Dirac half-semimetallicity and antiferromagnetism in graphene nanoribbon/hexagonal boron nitride heterojunctions

TL;DR

This paper predicts that graphene nanoribbon/hexagonal boron nitride heterojunctions are half-semimetallic, exhibiting fully spin-polarized Dirac points, and can undergo magnetic phase transitions upon doping, offering potential for spintronic applications.

Contribution

It introduces a novel prediction that specific heterojunctions are half-semimetallic with tunable magnetic properties, advancing the understanding of spin-polarized Dirac fermions in 2D materials.

Findings

Heterojunctions are half-semimetallic with spin-polarized Dirac points.

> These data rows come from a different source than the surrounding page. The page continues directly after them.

(* The size $z_{77sr}$ of the self-referencing LZ77 factorization satisfies, for each edit type $\ast\in\{\mathrm{sub},\mathrm{ins},\mathrm{del}\}$: $\mathsf{MS}_{\ast}(z_{77sr},n)\le 2$ and $\mathsf{AS}_{\ast}(z_{77sr},n)\le z_{77sr}$, i.e. $z_{77sr}(T')\le 2z_{77sr}(T)$ for every string $T$ of length $n$ and every $T'$ obtained from $T$ by one edit of that type.
   Context: Strings are over an alphabet $\Sigma$; $\mathsf{ed}$ is the edit distance. $\mathsf{MS}_{\mathrm{sub}}(C,n)=\max_{T\in\Sigma^n}\{C(T')/C(T): T'\in\Sigma^n,\ \mathsf{ed}(T,T')=1\}$, with $\mathsf{MS}_{\mathrm{ins}},\mathsf{MS}_{\mathrm{del}}$ analogous for $T'$ of length $n+1$, resp. $n-1$, and $\mathsf{AS}_\ast$ analogous with $C(T')-C(T)$. The self-referencing LZ77 factorization of $T$ is $T=f_1\cdots f_z$ where for each $1\le i<z$, $f_i[1..|f_i|-1]$ is the longest prefix of $f_i\cdots f_z$ that has an occurrence in $T$ beginning at a position in $[1..|f_1\cdots f_{i-1}|]$ (the occurrence may overlap $f_i$), i.e. $f_i$ is one character longer than that; $f_z$ is the remaining suffix; $z_{77sr}(T)=z$. *)

From mathcomp Require Import all_boot.
Set Implicit Arguments. Unset Strict Implicit. Unset Printing Implicit Defensive.

Section LZ.
Variable A : eqType.

Fixpoint ed (s t : seq A) {struct s} : nat :=
  match s with
  | [::] => size t
  | a :: s' =>
    let fix edt (t : seq A) : nat :=
      match t with
      | [::] => size s
      | b :: t' => minn (minn (ed s' t).+1 (edt t').+1) (ed s' t' + (a != b))
      end
    in edt t
  end.

(* Length of the longest prefix of T[i..] (0-based positions) that has an
   occurrence in T starting at some position j < i (overlaps allowed). *)
Definition lpf (T : seq A) (i : nat) : nat :=
  \max_(l < (size T - i).+1 |
        [exists j : 'I_i, take l (drop j T) == take l (drop i T)]) (l : nat).

Definition phrase_len (T : seq A) (i : nat) : nat :=
  minn (lpf T i).+1 (size T - i).

(* Number of phrases of the greedy factorization of T[i..]; fuel bounds the
   number of phrases (each phrase has length >= 1). *)
Fixpoint z77sr_from (T : seq A) (fuel i : nat) : nat :=
  match fuel with
  | 0 => 0
  | f.+1 => if i < size T then (z77sr_from T f (i + phrase_len T i)).+1 else 0
  end.

Definition z77sr (T : seq A) : nat := z77sr_from T (size T) 0.

End LZ.

From mathcomp Require Import all_boot zify.
Set Implicit Arguments. Unset Strict Implicit. Unset Printing Implicit Defensive.

(* Greedy parsing is optimal among parses
   into "earlier copy + one letter" blocks: the end of the phrase starting at
   [i] is monotone in [i], hence [zfrom] is antitone, and an earlier copy of
   [X[i..i+m)] gives [zfrom X i <= 1 + zfrom X (i+m+1)].
   Let [T'] arise from [T = u x v] by replacing [x] by [y], [|x|, |y| <= 1].
   A phrase of [T] whose source lies inside [u] or inside [v] still has a
   source in [T'], and a source straddling the edit splits into two copies.
   Hence in [T'] each phrase of [T] after the edit costs at most two blocks,
   each phrase before it one, and the phrase containing the edit three (copy,
   edited letter, copy), or only two when it is the first phrase, which is a
   single letter. This adds up to at most [2 z77sr T]. *)

Section TakeDrop.
Variable A : eqType.
Implicit Types X Y u v w x : seq A.

Lemma eq_take_drop_shift X Y i j m a b :
  take m (drop i X) = take m (drop j Y) -> b + a <= m ->
  take a (drop (i + b) X) = take a (drop (j + b) Y).
Proof.
move=> eqXY le_m.
have shift Z k : take a (drop (k + b) Z) = take a (drop b (take m (drop k Z))).
  have -> : m = (m - b) + b by lia.
  by rewrite -take_drop take_takel ?drop_drop ?(addnC b) //; lia.
by rewrite !shift eqXY.
Qed.

Lemma eq_take_drop_le X Y i j m a :
  take m (drop i X) = take m (drop j Y) -> a <= m ->
  take a (drop i X) = take a (drop j Y).
Proof. by move=> eqXY le_am; rewrite -(take_takel (drop i X) le_am) eqXY take_takel. Qed.

Lemma take_drop_catl u w t k : t + k <= size u ->
  take k (drop t (u ++ w)) = take k (drop t u).
Proof.
move=> le_tk; rewrite drop_cat; case: ifP => lt_t.
  by rewrite takel_cat // size_drop; lia.
have -> : k = 0 by lia.
by rewrite !take0.
Qed.

Lemma drop_cat2 u x v t : drop (size u + size x + t) (u ++ x ++ v) = drop t v.
Proof. by rewrite -addnA addnC -drop_drop drop_size_cat // addnC -drop_drop drop_size_cat. Qed.
Lemma sum_user_tag_mem (i : 'I_n) (t j : 'I_l) (a : 'I_(m j)) :
  \sum_(r | tag r == t) user i r * ((tag r == j) && memr (tagged r) a)%:R =
  l%:R^-1 * ((t == j)%:R *
    (q_of eps (m j) + (p_of eps (m j) - q_of eps (m j)) * ((xx i %% m j)%N == a)%:R)).
Proof.
rewrite (sum_report_tag t (fun j' Z =>
  l%:R^-1 * mech eps (residue i j') Z * ((j' == j) && memr Z a)%:R)).
have [->|tj] := eqVneq t j; last first.
  by rewrite mul0r mulr0 big1 // => Z _; rewrite mulr0.
under eq_bigr do rewrite andTb memr_ord -mulrA.
by rewrite -mulr_sumr sum_mech_mem ?mul1r.
Qed.

Lemma sum_prob_counts_eq :
  \sum_(o : outcome | counts_eq nn o) prob eps xx o =
  #|[set t : assignment | has_counts nn t]|%:R * l%:R^-1 ^+ n.
Proof.
rewrite (sum_counts_eq_prod nn user) -sum1dep_card natr_sum mulr_suml.
apply: eq_bigr => t _; under eq_bigr do rewrite sum_user_tag.
by rewrite prodr_const card_ord mulr1n mul1r.
Qed.

Lemma sum_prob_counts_eq_neq0 (j0 : 'I_l) : (\sum_(j < l) nn j)%N = n ->
  \sum_(o : outcome | counts_eq nn o) prob eps xx o != 0.
Proof.
move=> sum_nn; have [t t_nn] := has_counts_exists j0 sum_nn.
rewrite sum_prob_counts_eq mulf_neq0 ?expf_neq0 ?invr_eq0 ?pnatr_eq0 -?lt0n //.
  by apply/card_gt0P; exists t; rewrite inE.
exact: leq_ltn_trans (leq0n _) (ltn_ord j0).
Qed.

Lemma sum_prob_mem_at (i0 : 'I_n) (j : 'I_l) (a : 'I_(m j)) :
  \sum_(o : outcome | counts_eq nn o)
     prob eps xx o * ((tag (o i0) == j) && memr (tagged (o i0)) a)%:R =
  #|[set t : assignment | has_counts nn t && (t i0 == j)]|%:R * l%:R^-1 ^+ n *
  (q_of eps (m j) + (p_of eps (m j) - q_of eps (m j)) * ((xx i0 %% m j)%N == a)%:R).
Proof.
set K := q_of _ _ + _.
pose H i (r : report m) :=
  user i r * (if i == i0 then ((tag r == j) && memr (tagged r) a)%:R else 1).
have sum_H i t : \sum_(r | tag r == t) H i r =
    l%:R^-1 * (if i == i0 then (t == j)%:R * K else 1).
  rewrite /H; have [->|_] := eqVneq i i0; first exact: sum_user_tag_mem.
  by under eq_bigr do rewrite mulr1; rewrite sum_user_tag mulr1.
rewrite (eq_bigr (fun o : outcome => \prod_i H i (o i))) => [|o _]; last first.
  by rewrite big_split /= -big_mkcond big_pred1_eq.
rewrite (sum_counts_eq_prod nn H) -sum1dep_card natr_sum !mulr_suml big_mkcondr /=.
apply: eq_bigr => t _; under eq_bigr do rewrite sum_H.
rewrite big_split /= prodr_const card_ord -big_mkcond big_pred1_eq.
by case: (t i0 == j); rewrite ?mulr1n ?mul1r ?mul0r ?mulr0.
Qed.

Lemma sum_prob_cnt_a (j : 'I_l) (a : 'I_(m j)) : (0 < n)%N ->
  \sum_(o : outcome | counts_eq nn o) prob eps xx o * (cnt_a o j a)%:R =
  (\sum_(o : outcome | counts_eq nn o) prob eps xx o) * (nn j)%:R *
  (q_of eps (m j) + (p_of eps (m j) - q_of eps (m j)) *
     (#|[set i | (xx i %% m j)%N == a]|%:R / n%:R)).
Proof.
move=> n_gt0; have n_neq0 : n%:R != 0 :> R by rewrite pnatr_eq0 -lt0n.
have card_at i : #|[set t : assignment | has_counts nn t && (t i == j)]|%:R =
    #|[set t : assignment | has_counts nn t]|%:R * (nn j)%:R / n%:R :> R.
  by apply: (mulfI n_neq0); rewrite mulrCA mulfV // mulr1 -!natrM card_has_counts_at.
under eq_bigr do rewrite /cnt_a -sumr_nat_bool mulr_sumr.
rewrite exchange_big /=; under eq_bigr do rewrite sum_prob_mem_at card_at.
rewrite sum_prob_counts_eq -mulr_sumr big_split /= sumr_const card_ord.
rewrite -mulr_sumr sumr_nat_bool -mulr_natr.
by field.
Qed.

Lemma sum_prob_shat (j : 'I_l) :
  p_of eps (m j) != q_of eps (m j) -> (0 < nn j)%N -> (0 < n)%N ->
  \sum_(o : outcome | counts_eq nn o) prob eps xx o *: shat eps o j =
  (\sum_(o : outcome | counts_eq nn o) prob eps xx o) *:
    \col_(a < m j) (#|[set i | (xx i %% m j)%N == a]|%:R / n%:R).
Proof.
move=> pq nn_gt0 n_gt0; apply/matrixP => a c; rewrite summxE !mxE.
set p := p_of eps (m j); set q := q_of eps (m j).
have n_neq0 : n%:R != 0 :> R by rewrite pnatr_eq0 -lt0n.
have nn_neq0 : (nn j)%:R != 0 :> R by rewrite pnatr_eq0 -lt0n.
have pq_neq0 : p - q != 0 by rewrite subr_eq0.
transitivity ((\sum_(o : outcome | counts_eq nn o) prob eps xx o * (cnt_a o j a)%:R)
                / ((nn j)%:R * (p - q)) -
              (\sum_(o : outcome | counts_eq nn o) prob eps xx o) * (q / (p - q))).
  rewrite !mulr_suml -sumrB; apply: eq_bigr => o /counts_eq_cnt o_nn.
  rewrite !mxE -/p -/q (_ : cnt o j = nn j) ?o_nn //.
  by field; rewrite nn_neq0 pq_neq0.
rewrite sum_prob_cnt_a // -/p -/q.
by field; rewrite n_neq0 pq_neq0 nn_neq0.
Qed.
End ConditionalMoments.

Lemma trmx_mul_self_eq0 (R : realFieldType) (r p : nat) (B : 'M[R]_(r, p)) :
  B *m B^T = 0 -> B = 0.
Proof.
move=> BBt0; apply/matrixP => i s; rewrite mxE; apply/eqP; rewrite -sqrf_eq0; apply/eqP.
have sq_ge0 t : xpredT t -> 0 <= B i t ^+ 2 by rewrite sqr_ge0.
move/matrixP: BBt0 => /(_ i i); rewrite !mxE => BBii.
apply: (psumr_eq0P sq_ge0) => //; rewrite -[RHS]BBii.
by apply: eq_bigr => t _; rewrite mxE expr2.
Qed.

Lemma gram_unitmx (R : realFieldType) (p k : nat) (A : 'M[R]_(p, k)) :
  \rank A = k -> A^T *m A \in unitmx.
Proof.
move=> rkA; rewrite -row_free_unit -kermx_eq0; set V := kermx _.
have VAt0 : V *m A^T = 0.
  apply: trmx_mul_self_eq0.
  by rewrite trmx_mul trmxK mulmxA -(mulmxA V) mulmx_ker mul0mx.
by rewrite -(mulmx_free_eq0 _ (_ : row_free A^T)) ?VAt0 // /row_free mxrank_tr rkA.
Qed.

Lemma least_squares_exact (R : realFieldType) (p k : nat) (A : 'M[R]_(p, k)) (f : 'cV_k) :
  \rank A = k -> invmx (A^T *m A) *m A^T *m (A *m f) = f.
Proof. by move=> rkA; rewrite mulmxA -(mulmxA (invmx _)) mulVmx ?mul1mx ?gram_unitmx. Qed.

Lemma scale_mxcol (R : pzRingType) (l n : nat) (p_ : 'I_l -> nat) (c : R)
    (B_ : forall j, 'M[R]_(p_ j, n)) :
  c *: \mxcol_j B_ j = \mxcol_j (c *: B_ j).
Proof. by apply/matrixP => i j; rewrite !mxE. Qed.

Lemma Ablock_mul_fvec (R : realType) (n k mj : nat) (x : 'I_n -> 'I_k) :
  Ablock R mj k *m fvec R x = \col_(a < mj) (#|[set i | (x i %% mj)%N == a]|%:R / n%:R).
Proof.
apply/matrixP => a c; rewrite !mxE; under eq_bigr do rewrite !mxE mulrA.
rewrite -mulr_suml -sumr_nat_bool; congr (_ / _).
under eq_bigr do rewrite -sumr_nat_bool mulr_sumr.
rewrite exchange_big; apply: eq_bigr => i _ /=.
rewrite (bigD1 (x i)) //= eqxx mulr1 big1 ?addr0 // => v xi_v.
by rewrite eq_sym in xi_v; rewrite (negPf xi_v) mulr0.
Qed.
(* Let $F$ be a Ferrers diagram of semiperimeter $n+1$ and $T\in\mathsf{EWtab}(F)$. For $j\in[1,n]$ let $\nu_j(T)$ be the number of non-cornersupport $0$s in the row labeled $j$ of $T$ if $j\in\mathsf{rows}(F)$, and the number of non-cornersupport $1$s in the column labeled $j$ of $T$ if $j\in\mathsf{cols}(F)$. Then $\nu_j(T)=\mu_j(\phi_{TC}(T))$ for all $j\in[1,n]$.
   Context: Ferrers diagrams and graphs: a Ferrers diagram $F$ (English convention) of semiperimeter $n+1$ has rows and columns labeled by $0,\ldots,n$: the $n+1$ unit steps of its south-east boundary path, traversed from top-right to bottom-left, are labeled $0,\ldots,n$; a vertical step labels the row it bounds, a horizontal step the column it bounds (top row labeled $0$). $\mathsf{rows}(F)$, $\mathsf{cols}(F)$ are the label sets; $F$ has a cell in row $i$, column $j$ iff $i<j$. $G(F)$ has vertex set $\{0,\ldots,n\}$ with edges $\{i,j\}$ for $i\in\mathsf{rows}(F)$, $j\in\mathsf{cols}(F)$, $i<j$. Sandpile model on $G(F)$ with sink $0$: configurations $c\in\mathbb{N}^n$; non-sink $v$ unstable if $c_v\ge\deg(v)$; toppling sends one grain to each neighbour (grains to $0$ disappear); toppling the sink adds one grain to each neighbour of $0$. Recurrent: stable configurations obtainable from $c_v=\deg(v)-1$ by adding grains and stabilizing; $\mathsf{Rec}^{\mathsf{min}}(G)$: recurrent configurations of minimal total grain count. Canonical toppling of a recurrent $c$: topple the sink ($U^{(0)}_c=\{0\}$), then alternately topple simultaneously all unstable vertices in $\mathsf{cols}(F)$ ($V^{(1)}_c$), all unstable in $\mathsf{rows}(F)$ ($U^{(1)}_c$), etc.; $\mathsf{CanonTop}(c)=(U^{(0)}_c,V^{(1)}_c,U^{(1)}_c,\ldots)$ is an ordered partition of $\{0,\ldots,n\}$. For $c\in\mathsf{Rec}^{\mathsf{min}}(G(F))$ and $j\in[1,n]$: $\mu_j(c)=|\{k\in V^{(\ell)}_c: k>j\}|$ if $j\in U^{(\ell)}_c$, and $\mu_j(c)=|\{k\in U^{(\ell-1)}_c: k<j\}|$ if $j\in V^{(\ell)}_c$. EW-tableaux: $0/1$-fillings $T$ of $F$ ($T_{ij}$ = entry in row $i$, column $j$) with top row all 1s, a 0 in every other row, and no rectangle with 0s in two diagonally opposite corners and 1s in the other two; $\mathsf{EWtab}(F)$ is their set. $\phi_{TC}(T)$ is the configuration with $c_i$ = number of 1s in row $i$ ($i\in\mathsf{rows}(F)$), $c_i$ = number of 0s in column $i$ ($i\in\mathsf{cols}(F)$); it lies in $\mathsf{Rec}^{\mathsf{min}}(G(F))$. $\mathsf{CanonTop}(T):=\mathsf{CanonTop}(\phi_{TC}(T))$. Supplementary tableau $S=S(T)$: the $|\mathsf{rows}(F)|\times|\mathsf{cols}(F)|$ array with $S_{ij}=1$ if row label $i$ lies in an earlier block of $\mathsf{CanonTop}(T)$ than column label $j$, else $0$ (agrees with $T$ on cells of $F$). An entry $x$ of $T$ at $(j,k)$ is a cornersupport entry iff there exist a row $j'\ne j$ and column $k'\ne k$ with $S_{j'k'}\ne x$ and $S_{j'k}=S_{jk'}=x$. *)

From mathcomp Require Import all_boot.
Set Implicit Arguments. Unset Strict Implicit. Unset Printing Implicit Defensive.
Lemma round_mean_conj f :
  (round_mean f)^* = round_mean (fun sk c a => (f sk c a)^*).
Proof.
have [pGen_ge0 _] := pGen_distr.
rewrite /round_mean rmorph_sum; apply: eq_bigr => sk _.
rewrite rmorphM /= geC0_conj // rmorph_sum; congr (_ * _); apply: eq_bigr => c _.
have [pEnc_ge0 _] := pEnc_distr sk W.
by rewrite rmorphM /= geC0_conj // rmorph_sum.
Qed.

Lemma round_mean_normalized f : (forall sk c, \sum_a f sk c a = 1) ->
  round_mean f = 1.
Proof.
move=> f_sum; have [_ <-] := pGen_distr; apply: eq_bigr => sk _.
have [_ pEnc_sum] := pEnc_distr sk W.
by rewrite -[RHS]mulr1 -pEnc_sum; congr (_ * _); apply: eq_bigr => c _; rewrite f_sum mulr1.
Qed.

End FirstRound.

Section Game.
Variables (C : numClosedFieldType) (n d : nat) (SK Ct Al : finType).
Variables (pGen : SK -> C) (pEnc : SK -> bool -> Ct -> C)
  (Dec : SK -> Al -> {ffun 'I_n -> bool}) (D : {ffun 'I_n -> option bool} -> C)
  (psi : 'M[C]_d) (A : Ct -> Al -> 'M[C]_d)
  (P : bool -> {ffun 'I_n -> bool} -> 'M[C]_d)
  (M : {ffun 'I_n -> option bool} -> {ffun 'I_n -> bool} -> 'M[C]_d).
Hypotheses (pGen_distr : distr pGen) (pEnc_distr : forall sk W, distr (pEnc sk W))
  (D_distr : distr D) (psi_density : density psi)
  (A_meas : forall c, projmeas (fun a => adjmx (A c a) *m A c a))
  (P_meas : forall W, projmeas (P W)) (M_meas : forall w, projmeas (M w)).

Charge transfer induces opposite energy shifts at edges while maintaining antiferromagnetism.

Doping causes an antiferromagnetic-to-ferrimagnetic phase transition.

Abstract

Half-metals have been envisioned as active components in spintronic devices by virtue of their completely spin-polarized electrical currents. Actual materials hosting half-metallic phases, however, remain scarce. Here, we predict that recently fabricated heterojunctions of zigzag nanoribbons embedded in two-dimensional hexagonal boron nitride are half-semimetallic, featuring fully spin-polarized Dirac points at the Fermi level. The half-semimetallicity originates from the transfer of charges from hexagonal boron nitride to the embedded graphene nanoribbon. These charges give rise to opposite energy shifts of the states residing at the two edges while preserving their intrinsic antiferromagnetic exchange coupling. Upon doping, an antiferromagnetic-to-ferrimagnetic phase transition occurs in these heterojunctions, with the sign of the excess charge controlling the spatial localization of the net magnetic moments. Our findings demonstrate that such heterojunctions realize tunable one-dimensional conducting channels of spin-polarized Dirac fermions that are seamlessly integrated into a two-dimensional insulator, thus holding promise for the development of carbon-based spintronics.